__YOUR GOAL__
Exact repetition of every entry is required.
___ DATA EXTRACTS
(* Let $\Gamma=([n],E)$ be a connected simple graph and let $M\subseteq[n]$ be a subset of maximal cardinality such that the induced subgraph $\Gamma|_M$ is isomorphic to the path $L_{|M|}$. Then for every integer $k\ge|M|$, $\Psi^k_q(\Gamma^{\mathbf 1})=\Psi^{|M|-1}_q(\Gamma^{\mathbf 1})$.
   Context: $L_r$ is the path graph on $r$ vertices. Decorated graphs: a decorated graph $\Gamma^w=(V,E,w)$ is a finite simple graph with $w:E\to\{1,2,\dots\}$; $\Gamma^{\mathbf 1}$ is $\Gamma$ with $w\equiv1$. For $S\subseteq V$: $\Gamma^w|_S$ is the induced decorated subgraph on $S$; $\Gamma^w/S$ is the decorated graph on $V\setminus S$ with an edge $uv$ whenever $\Gamma$ has a path from $u$ to $v$ with all internal vertices in $S$ (a direct edge counting as a path without internal vertices), decorated by the minimum over such paths of the sum of decorations along it. For an integer $m\ge0$, $\mathrm{pr}_m$ deletes all edges of decoration $>m$. Let $\mathcal{G}^{W,m}$ be the Hopf algebra spanned by isomorphism classes of decorated graphs (graded by number of vertices), with product disjoint union and coproduct $\Delta_m(\Gamma^w)=\sum_{S\subseteq V}\mathrm{pr}_m(\Gamma^w|_S)\otimes\mathrm{pr}_m(\Gamma^w/S)$. Let $\zeta_q(\Gamma^w)=q^{|V|-c(\Gamma)}$, $c$ = number of connected components. For $\alpha=(\alpha_1,\dots,\alpha_k)\models n$, $M_\alpha=\sum_{i_1<\cdots<i_k}x_{i_1}^{\alpha_1}\cdots x_{i_k}^{\alpha_k}$. Define $\Psi^m_q(\Gamma^w)=\sum_{\alpha\models n}(\zeta_q)_\alpha(\Gamma^w)M_\alpha$ with $(\zeta_q)_\alpha=\zeta_q^{\otimes k}\circ(p_{\alpha_1}\otimes\cdots\otimes p_{\alpha_k})\circ\Delta_m^{(k-1)}$ ($p_i$ projection to degree $i$, $\Delta_m^{(k-1)}$ iterated coproduct), i.e. the unique morphism of combinatorial Hopf algebras $(\mathcal{G}^{W,m},\zeta_q)\to(\mathcal{Q}Sym,\zeta)$. *)

From mathcomp Require Import all_boot all_algebra.
Set Implicit Arguments. Unset Strict Implicit. Unset Printing Implicit Defensive.
Import GRing.Theory.
Local Open Scope ring_scope.

(* A decorated graph on an ambient finite type T: vertex set dV, and a
   decoration dw x y (0 = no edge, otherwise the decoration, >= 1).
   Edges are only meaningful between distinct vertices of dV. *)
Record dgraph (T : finType) := DGraph { dV : {set T}; dw : T -> T -> nat }.

Section DG.
Variable T : finType.

Definition dedge (G : dgraph T) : rel T :=
  fun x y => [&& x \in dV G, y \in dV G, x != y & (0 < dw G x y)%N].

Definition ncomp (G : dgraph T) : nat := n_comp (dedge G) (mem (dV G)).

Definition zeta (R : comNzRingType) (q : R) (G : dgraph T) : R :=
  q ^+ (#|dV G| - ncomp G).

Definition induced (G : dgraph T) (S : {set T}) : dgraph T :=
  DGraph (dV G :&: S)
    (fun x y => if (x \in dV G :&: S) && (y \in dV G :&: S) then dw G x y else 0%N).

Definition path_edges (u : T) (p : seq T) (v : T) : seq (T * T) :=
  let s := u :: rcons p v in zip s (behead s).

Definition path_valid (G : dgraph T) u p v : bool :=
  all (fun e => (0 < dw G e.1 e.2)%N) (path_edges u p v).

Definition path_weight (G : dgraph T) u p v : nat :=
  sumn [seq dw G e.1 e.2 | e <- path_edges u p v].

Definition interiors (S : {set T}) : seq (seq T) :=
  flatten [seq map val (enum [pred t : k.-tuple T | uniq t && all (fun x => x \in S) t])
          | k <- iota 0 #|T|.+1].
______
__FINISHED TASK__
(* Let $\Gamma=([n],E)$ be a connected simple graph and let $M\subseteq[n]$ be a subset of maximal cardinality such that the induced subgraph $\Gamma|_M$ is isomorphic to the path $L_{|M|}$. Then for every integer $k\ge|M|$, $\Psi^k_q(\Gamma^{\mathbf 1})=\Psi^{|M|-1}_q(\Gamma^{\mathbf 1})$.
   Context: $L_r$ is the path graph on $r$ vertices. Decorated graphs: a decorated graph $\Gamma^w=(V,E,w)$ is a finite simple graph with $w:E\to\{1,2,\dots\}$; $\Gamma^{\mathbf 1}$ is $\Gamma$ with $w\equiv1$. For $S\subseteq V$: $\Gamma^w|_S$ is the induced decorated subgraph on $S$; $\Gamma^w/S$ is the decorated graph on $V\setminus S$ with an edge $uv$ whenever $\Gamma$ has a path from $u$ to $v$ with all internal vertices in $S$ (a direct edge counting as a path without internal vertices), decorated by the minimum over such paths of the sum of decorations along it. For an integer $m\ge0$, $\mathrm{pr}_m$ deletes all edges of decoration $>m$. Let $\mathcal{G}^{W,m}$ be the Hopf algebra spanned by isomorphism classes of decorated graphs (graded by number of vertices), with product disjoint union and coproduct $\Delta_m(\Gamma^w)=\sum_{S\subseteq V}\mathrm{pr}_m(\Gamma^w|_S)\otimes\mathrm{pr}_m(\Gamma^w/S)$. Let $\zeta_q(\Gamma^w)=q^{|V|-c(\Gamma)}$, $c$ = number of connected components. For $\alpha=(\alpha_1,\dots,\alpha_k)\models n$, $M_\alpha=\sum_{i_1<\cdots<i_k}x_{i_1}^{\alpha_1}\cdots x_{i_k}^{\alpha_k}$. Define $\Psi^m_q(\Gamma^w)=\sum_{\alpha\models n}(\zeta_q)_\alpha(\Gamma^w)M_\alpha$ with $(\zeta_q)_\alpha=\zeta_q^{\otimes k}\circ(p_{\alpha_1}\otimes\cdots\otimes p_{\alpha_k})\circ\Delta_m^{(k-1)}$ ($p_i$ projection to degree $i$, $\Delta_m^{(k-1)}$ iterated coproduct), i.e. the unique morphism of combinatorial Hopf algebras $(\mathcal{G}^{W,m},\zeta_q)\to(\mathcal{Q}Sym,\zeta)$. *)

From mathcomp Require Import all_boot all_algebra.
Set Implicit Arguments. Unset Strict Implicit. Unset Printing Implicit Defensive.
Import GRing.Theory.
Local Open Scope ring_scope.

(* A decorated graph on an ambient finite type T: vertex set dV, and a
   decoration dw x y (0 = no edge, otherwise the decoration, >= 1).
   Edges are only meaningful between distinct vertices of dV. *)
Record dgraph (T : finType) := DGraph { dV : {set T}; dw : T -> T -> nat }.

Section DG.
Variable T : finType.

Definition dedge (G : dgraph T) : rel T :=
  fun x y => [&& x \in dV G, y \in dV G, x != y & (0 < dw G x y)%N].

Definition ncomp (G : dgraph T) : nat := n_comp (dedge G) (mem (dV G)).

Definition zeta (R : comNzRingType) (q : R) (G : dgraph T) : R :=
  q ^+ (#|dV G| - ncomp G).

Definition induced (G : dgraph T) (S : {set T}) : dgraph T :=
  DGraph (dV G :&: S)
    (fun x y => if (x \in dV G :&: S) && (y \in dV G :&: S) then dw G x y else 0%N).

Definition path_edges (u : T) (p : seq T) (v : T) : seq (T * T) :=
  let s := u :: rcons p v in zip s (behead s).

Definition path_valid (G : dgraph T) u p v : bool :=
  all (fun e => (0 < dw G e.1 e.2)%N) (path_edges u p v).

Definition path_weight (G : dgraph T) u p v : nat :=
  sumn [seq dw G e.1 e.2 | e <- path_edges u p v].

Definition interiors (S : {set T}) : seq (seq T) :=
  flatten [seq map val (enum [pred t : k.-tuple T | uniq t && all (fun x => x \in S) t])
          | k <- iota 0 #|T|.+1].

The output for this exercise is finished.